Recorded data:
(* If there exist an orthogonal design of order $4m$ and type $(s_1,\ldots,s_u)$ and two Hadamard matrices of order $4n$ that are quasi-unbiased for parameters $(4n,4n,l,a)$, then there exist two orthogonal designs of order $8mn$ and type $(2ns_1,\ldots,2ns_u)$ that are unbiased with parameter $\alpha=16n^2/a$.
   Context: A Hadamard matrix of order $n$ is an $n\times n$ $(1,-1)$-matrix $H$ with $HH^\top=nI_n$; a weighing matrix of order $n$ and weight $k$ is an $n\times n$ $(0,1,-1)$-matrix $W$ with $WW^\top=kI_n$. Two weighing matrices (in particular Hadamard matrices) $W_1,W_2$ of order $n$ and weight $k$ are quasi-unbiased for parameters $(n,k,l,a)$ if $\frac1{\sqrt a}W_1W_2^\top$ is a weighing matrix of order $n$ and weight $l$. An orthogonal design of order $n$ and type $(s_1,\ldots,s_u)$ in distinct commuting real indeterminates $x_1,\ldots,x_u$ is an $n\times n$ matrix $D$ with entries in $\{0,\pm x_1,\ldots,\pm x_u\}$ with $DD^\top=(s_1x_1^2+\cdots+s_ux_u^2)I_n$. Two orthogonal designs $D_1,D_2$ of the same order and type $(t_1,\ldots,t_u)$ in the same variables are unbiased with parameter $\alpha$ if $\alpha>0$ and there is a $(0,1,-1)$-matrix $V$ with $D_1D_2^\top=\frac{t_1x_1^2+\cdots+t_ux_u^2}{\sqrt\alpha}V$. *)

From HB Require Import structures.
From mathcomp Require Import all_boot all_order all_algebra.
From mathcomp Require Import reals.
Set Implicit Arguments. Unset Strict Implicit. Unset Printing Implicit Defensive.
Import Order.TTheory GRing.Theory Num.Theory.
Local Open Scope ring_scope.

Definition is01mx (R : numDomainType) (n : nat) (W : 'M[R]_n) : Prop :=
  forall i j, W i j = 0 \/ W i j = 1 \/ W i j = -1.

Definition is_hadamard (R : numDomainType) (n : nat) (H : 'M[R]_n) : Prop :=
  (forall i j, H i j = 1 \/ H i j = -1) /\ H *m H^T = n%:R%:M.

Definition is_weighing (R : numDomainType) (n k : nat) (W : 'M[R]_n) : Prop :=
  is01mx W /\ W *m W^T = k%:R%:M.

Definition quasi_unbiased (R : rcfType) (n k l : nat) (a : R)
  (W1 W2 : 'M[R]_n) : Prop :=
  [/\ 0 < a, is_weighing k W1, is_weighing k W2 &
      is_weighing l ((Num.sqrt a)^-1 *: (W1 *m W2^T))].

(* Entries of an orthogonal design in u indeterminates x_0..x_{u-1}:
   None = 0, Some (b, i) = (-1)^b x_i. *)
Definition od_entry (u : nat) := option (bool * 'I_u).

Definition eval_entry (R : ringType) (u : nat) (x : 'I_u -> R)
  (e : od_entry u) : R :=
  match e with
  | None => 0
  | Some (b, i) => (-1) ^+ b * x i
  end.

Definition od_eval (R : ringType) (u N : nat) (D : 'M[od_entry u]_N)
  (x : 'I_u -> R) : 'M[R]_N :=
  \matrix_(i, j) eval_entry x (D i j).

Definition od_form (R : ringType) (u : nat) (s : 'I_u -> nat)
  (x : 'I_u -> R) : R :=
  \sum_(i < u) (s i)%:R * x i ^+ 2.

(* D is an orthogonal design of order N and type s: D D^T = (sum s_i x_i^2) I
   as an identity in the commuting real indeterminates, i.e. for every
   real substitution. *)
Definition is_od (R : realType) (u N : nat) (s : 'I_u -> nat)
  (D : 'M[od_entry u]_N) : Prop :=
  forall x : 'I_u -> R, od_eval D x *m (od_eval D x)^T = (od_form s x)%:M.

Definition od_unbiased (R : realType) (u N : nat) (t : 'I_u -> nat) (alpha : R)
  (D1 D2 : 'M[od_entry u]_N) : Prop :=
  0 < alpha /\
  exists V : 'M[R]_N, is01mx V /\
    forall x : 'I_u -> R,
      od_eval D1 x *m (od_eval D2 x)^T = (od_form t x / Num.sqrt alpha) *: V.

From HB Require Import structures.
From mathcomp Require Import all_boot all_order all_algebra.
From mathcomp Require Import reals mxtens.
From mathcomp Require Import zify ring lra.
Import Order.TTheory GRing.Theory Num.Theory.
Local Open Scope ring_scope.
Set Implicit Arguments. Unset Strict Implicit. Unset Printing Implicit Defensive.

(* Split the rows of the design D into halves D0, D1 and the columns of a
   Hadamard matrix H into halves H0, H1.  Then P = (H0 + H1)/2 and
   Q = (H0 - H1)/2 are (0,1,-1)-matrices with disjoint supports, so
   D0 (x) P + D1 (x) Q is again a matrix with entries 0, +-x_i.  Orthogonality
   of the rows of D gives D0 D0^T = D1 D1^T = f I and D0 D1^T = 0, where f is
   the quadratic form of D, so the designs built from H and H' have product
   f I (x) (P P'^T + Q Q'^T) = (f/2) I (x) H H'^T.  For H = H' this is
   2 n f I; for a quasi-unbiased pair it is (f sqrt a / 2) times I (x) W with
   W = H H'^T / sqrt a a weighing matrix. *)

Section Tensor.
Variable R : comNzRingType.

Lemma tensmxDr m n p q (A : 'M[R]_(m, n)) (B C : 'M[R]_(p, q)) :
  A *t (B + C) = A *t B + A *t C.
Proof. by apply/matrixP => i j; rewrite !mxE mulrDr. Qed.

Lemma tensmxZl m n p q c (A : 'M[R]_(m, n)) (B : 'M[R]_(p, q)) :
  (c *: A) *t B = c *: (A *t B).
Proof. by apply/matrixP => i j; rewrite !mxE mulrA. Qed.

Lemma tensmxZr m n p q c (A : 'M[R]_(m, n)) (B : 'M[R]_(p, q)) :
  A *t (c *: B) = c *: (A *t B).
Proof. by apply/matrixP => i j; rewrite !mxE mulrCA. Qed.

Lemma tensmx_scalar m n (a b : R) : a%:M *t b%:M = (a * b)%:M :> 'M_(m * n).
Proof.
apply/matrixP => k k'.
case: (mxtens_indexP k) => i j; case: (mxtens_indexP k') => i' j'.
rewrite tensmxE !mxE (can_eq (@mxtens_indexK _ _)) xpair_eqE.
by case: (i == i'); case: (j == j'); rewrite ?mulr1n ?mulr0n ?mulr0 ?mul0r.
Qed.

End Tensor.

Lemma castmxZ (R : pzRingType) m n m' n' (e : (m = m') * (n = n')) c (A : 'M[R]_(m, n)) :
  castmx e (c *: A) = c *: castmx e A.
Proof. by apply/matrixP => i j; rewrite !(castmxE, mxE). Qed.

Lemma castmx_scalar (R : pzRingType) p p' (e : p = p') (c : R) :
  castmx (e, e) c%:M = c%:M.
Proof. by case: p' / e; rewrite castmx_id. Qed.

Lemma mul_castmx_tr (R : pzRingType) p p' q q' (ep : p = p') (eq_q : q = q')
    (A B : 'M[R]_(p, q)) :
  castmx (ep, eq_q) A *m (castmx (ep, eq_q) B)^T = castmx (ep, ep) (A *m B^T).
Proof. by case: p' / ep; case: q' / eq_q; rewrite !castmx_id. Qed.

Lemma gram_vsubmx (R : pzRingType) p1 p2 q (D : 'M[R]_(p1 + p2, q)) f :
  D *m D^T = f%:M ->
  [/\ usubmx D *m (usubmx D)^T = f%:M, usubmx D *m (dsubmx D)^T = 0,
      dsubmx D *m (usubmx D)^T = 0 & dsubmx D *m (dsubmx D)^T = f%:M].
Proof.
move=> gD; apply: eq_block_mx.
by rewrite -mul_col_row -tr_col_mx vsubmxK gD scalar_mx_block.
Qed.

Section SplitTensor.
Variable R : numFieldType.
Implicit Types (p q r t : nat).

Definition half_sum r t (H : 'M[R]_(r, t + t)) := 2^-1 *: (lsubmx H + rsubmx H).
Definition half_diff r t (H : 'M[R]_(r, t + t)) := 2^-1 *: (lsubmx H - rsubmx H).

Lemma half_sum_diff_gram r t (H H' : 'M[R]_(r, t + t)) :
  half_sum H *m (half_sum H')^T + half_diff H *m (half_diff H')^T
    = 2^-1 *: (H *m H'^T).
Proof.
rewrite -[H in RHS]hsubmxK -[H' in RHS]hsubmxK tr_row_mx mul_row_col.
apply/matrixP => i j; rewrite !mxE mulrDr !mulr_sumr -!big_split /=.
by apply: eq_bigr => k _; rewrite !mxE; field.
Qed.

Definition split_tensmx p q r t (A : 'M[R]_(p + p, q)) (H : 'M[R]_(r, t + t))
  : 'M[R]_(p * r, q * t) :=
  usubmx A *t half_sum H + dsubmx A *t half_diff H.

Lemma split_tensmx_gram p q r t (A : 'M[R]_(p + p, q)) (H H' : 'M[R]_(r, t + t)) f :
  A *m A^T = f%:M ->
  split_tensmx A H *m (split_tensmx A H')^T = f%:M *t (2^-1 *: (H *m H'^T)).
Proof.
case/gram_vsubmx => g00 g01 g10 g11.
rewrite /split_tensmx linearD /= !trmx_tens mulmxDl !mulmxDr !tensmx_mul.
by rewrite g00 g01 g10 g11 !tens0mx addr0 add0r -tensmxDr half_sum_diff_gram.
Qed.

End SplitTensor.

Definition is_sign_mx (R : numDomainType) m n (H : 'M[R]_(m, n)) : Prop :=
  forall i j, H i j = 1 \/ H i j = -1.

Section OrthogonalDesignSplit.
Variables (R : realFieldType) (u : nat).
Implicit Types (e : od_entry u) (x : 'I_u -> R).

Definition od_opp e : od_entry u :=
  if e is Some (b, i) then Some (~~ b, i) else None.

Lemma eval_od_opp x e : eval_entry x (od_opp e) = - eval_entry x e.
Proof. by case: e => [[b i]|] /=; rewrite ?signrN ?mulNr ?oppr0. Qed.

Definition od_select (h0 h1 : R) e0 e1 : od_entry u :=
  let e := if h0 == h1 then e0 else e1 in if h0 < 0 then od_opp e else e.

Lemma eval_od_select x (h0 h1 : R) e0 e1 :
  h0 = 1 \/ h0 = -1 -> h1 = 1 \/ h1 = -1 ->
  eval_entry x (od_select h0 h1 e0 e1)
    = eval_entry x e0 * (2^-1 * (h0 + h1)) + eval_entry x e1 * (2^-1 * (h0 - h1)).
Proof.
have ne : (1 : R) != -1 by apply/eqP => h; lra.
rewrite /od_select => -[]-> []->; rewrite ?eqxx ?(negbTE ne) 1?eq_sym ?(negbTE ne)
  ?ltr10 ?ltrN10 ?eval_od_opp /=; by field.
Qed.

Definition od_split_tens p q r t (D : 'M[od_entry u]_(p + p, q))
    (H : 'M[R]_(r, t + t)) : 'M[od_entry u]_(p * r, q * t) :=
  \matrix_(k, k') od_select
    (lsubmx H (mxtens_unindex k).2 (mxtens_unindex k').2)
    (rsubmx H (mxtens_unindex k).2 (mxtens_unindex k').2)
    (usubmx D (mxtens_unindex k).1 (mxtens_unindex k').1)
    (dsubmx D (mxtens_unindex k).1 (mxtens_unindex k').1).

Lemma od_evalE N (D : 'M[od_entry u]_N) x : od_eval D x = map_mx (eval_entry x) D.
Proof. by apply/matrixP => i j; rewrite !mxE. Qed.

Lemma map_od_split_tens p q r t (D : 'M[od_entry u]_(p + p, q))
    (H : 'M[R]_(r, t + t)) x :
  is_sign_mx H ->
  map_mx (eval_entry x) (od_split_tens D H)
    = split_tensmx (map_mx (eval_entry x) D) H.
Proof.
by move=> sH; apply/matrixP => k k'; rewrite !mxE eval_od_select ?mxE.
Qed.

End OrthogonalDesignSplit.

Lemma is_sign_castmx (R : numDomainType) m n m' n' (e : (m = m') * (n = n'))
    (H : 'M[R]_(m, n)) :
  is_sign_mx H -> is_sign_mx (castmx e H).
Proof. by move=> sH i j; rewrite castmxE. Qed.

Lemma is01mx_castmx (R : numDomainType) m m' (e : m = m') (W : 'M[R]_m) :
  is01mx W -> is01mx (castmx (e, e) W).
Proof. by move=> hW i j; rewrite castmxE. Qed.

Lemma is01mx_tens (R : numDomainType) m p (A : 'M[R]_m) (B : 'M[R]_p) :
  is01mx A -> is01mx B -> is01mx (A *t B).
Proof.
move=> hA hB k k'; rewrite mxE.
case: (hA (mxtens_unindex k).1 (mxtens_unindex k').1) => [|[]]->;
by case: (hB (mxtens_unindex k).2 (mxtens_unindex k').2) => [|[]]->;
  rewrite ?mul0r ?mulr0 ?mul1r ?mulN1r ?opprK; auto.
Qed.

Lemma is01mx1 (R : numDomainType) n : is01mx (1%:M : 'M[R]_n).
Proof. by move=> i j; rewrite mxE; case: (i == j); auto. Qed.

Lemma od_form_scale (R : nzRingType) u k (s : 'I_u -> nat) (x : 'I_u -> R) :
  od_form (fun i => (k * s i)%N) x = k%:R * od_form s x.
Proof. by rewrite /od_form mulr_sumr; apply: eq_bigr => i _; rewrite natrM mulrA. Qed.

Lemma sqrtr_sqr_div (R : rcfType) (c a : R) :
  0 <= a -> Num.sqrt (c ^+ 2 / a) = `|c| / Num.sqrt a.
Proof. by move=> a0; rewrite sqrtrM ?sqr_ge0 // sqrtr_sqr sqrtrV. Qed.

Lemma quad_halves k : (4 * k = 2 * k + 2 * k)%N. Proof. by lia. Qed.

Section OrthogonalDesignTensor.
Variables (R : realType) (u m n : nat).

Lemma order_rows : (2 * m * (4 * n) = 8 * m * n)%N. Proof. by lia. Qed.
Lemma order_cols : (4 * m * (2 * n) = 8 * m * n)%N. Proof. by lia. Qed.

Definition od_hadamard_tens (D : 'M[od_entry u]_(4 * m)) (H : 'M[R]_(4 * n))
  : 'M[od_entry u]_(8 * m * n) :=
  castmx (order_rows, order_cols)
    (od_split_tens (castmx (quad_halves m, erefl) D) (castmx (erefl, quad_halves n) H)).

Lemma od_hadamard_tens_gram s (D : 'M[od_entry u]_(4 * m)) (H H' : 'M[R]_(4 * n)) x :
  is_od R s D -> is_sign_mx H -> is_sign_mx H' ->
  od_eval (od_hadamard_tens D H) x *m (od_eval (od_hadamard_tens D H') x)^T
    = castmx (order_rows, order_rows) ((od_form s x)%:M *t (2^-1 *: (H *m H'^T))).
Proof.
move=> hD sH sH'.
have gD : map_mx (eval_entry x) (castmx (quad_halves m, erefl) D) *m
    (map_mx (eval_entry x) (castmx (quad_halves m, erefl) D))^T = (od_form s x)%:M.
  by rewrite map_castmx mul_castmx_tr -od_evalE hD castmx_scalar.
rewrite !od_evalE !map_castmx !map_od_split_tens; try exact: is_sign_castmx.
by rewrite mul_castmx_tr (split_tensmx_gram _ _ gD) mul_castmx_tr castmx_id.
Qed.

Lemma is_od_hadamard_tens s (D : 'M[od_entry u]_(4 * m)) (H : 'M[R]_(4 * n)) :
  is_od R s D -> is_hadamard H -> is_od R (fun i => 2 * n * s i)%N (od_hadamard_tens D H).
Proof.
move=> hD [sH gH] x; rewrite (od_hadamard_tens_gram _ hD) // gH scale_scalar_mx.
rewrite tensmx_scalar castmx_scalar od_form_scale !natrM; congr _%:M; by field.
Qed.

Lemma od_unbiased_hadamard_tens s l (a : R) (D : 'M[od_entry u]_(4 * m))
    (H1 H2 : 'M[R]_(4 * n)) :
  (0 < n)%N -> is_od R s D -> is_hadamard H1 -> is_hadamard H2 ->
  quasi_unbiased (4 * n) l a H1 H2 ->
  od_unbiased (fun i => 2 * n * s i)%N (16 * (n ^ 2)%N%:R / a)
    (od_hadamard_tens D H1) (od_hadamard_tens D H2).
Proof.
move=> n0 hD [sH1 _] [sH2 _] [a0 _ _ [W01 _]].
have nR0 : (n%:R : R) != 0 by rewrite pnatr_eq0 -lt0n.
have sa0 : Num.sqrt a != 0 by rewrite gt_eqF // sqrtr_gt0.
have -> : 16 * (n ^ 2)%N%:R = (4 * n%:R) ^+ 2 :> R by rewrite natrX; ring.
split; first by rewrite divr_gt0 // exprn_gt0 // mulr_gt0 // ltr0n.
exists (castmx (order_rows, order_rows) (1%:M *t ((Num.sqrt a)^-1 *: (H1 *m H2^T)))).
split; first by apply/is01mx_castmx/is01mx_tens => //; exact: is01mx1.
move=> x; rewrite (od_hadamard_tens_gram _ hD) // -castmxZ; congr castmx.
rewrite -[(od_form s x)%:M]scalemx1 tensmxZl !tensmxZr !scalerA; congr (_ *: _).
rewrite sqrtr_sqr_div ?ltW // ger0_norm ?mulr_ge0 ?ler0n // od_form_scale natrM.
by field; rewrite sa0 nR0.
Qed.

End OrthogonalDesignTensor.

Theorem proposition3p12 (R : realType) (m n u : nat) (s : 'I_u -> nat)
  (l : nat) (a : R) :
  (0 < m)%N -> (0 < n)%N ->
  (exists D : 'M[od_entry u]_(4 * m), is_od R s D) ->
  (exists H1 H2 : 'M[R]_(4 * n),
      [/\ is_hadamard H1, is_hadamard H2 & quasi_unbiased (4 * n) l a H1 H2]) ->
  exists D1 D2 : 'M[od_entry u]_(8 * m * n),
    [/\ is_od R (fun i => 2 * n * s i)%N D1,
        is_od R (fun i => 2 * n * s i)%N D2 &
        od_unbiased (fun i => 2 * n * s i)%N (16 * (n ^ 2)%N%:R / a) D1 D2].
Proof.
move=> _ n0 [D hD] [H1 [H2 [hH1 hH2 qu]]].
exists (od_hadamard_tens D H1), (od_hadamard_tens D H2).
by split; [exact: is_od_hadamard_tens .. | exact: od_unbiased_hadamard_tens qu].
Qed.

▸ Try it
Return exactly the lines above from the line that has "[/\ is_hadamard H1, is_hadamard" through the line that has "is_od R (fun i => 2 * n * s i)%N D2 &", inclusive, and nothing else.

▸ Task output
      [/\ is_hadamard H1, is_hadamard H2 & quasi_unbiased (4 * n) l a H1 H2]) ->
  exists D1 D2 : 'M[od_entry u]_(8 * m * n),
    [/\ is_od R (fun i => 2 * n * s i)%N D1,
        is_od R (fun i => 2 * n * s i)%N D2 &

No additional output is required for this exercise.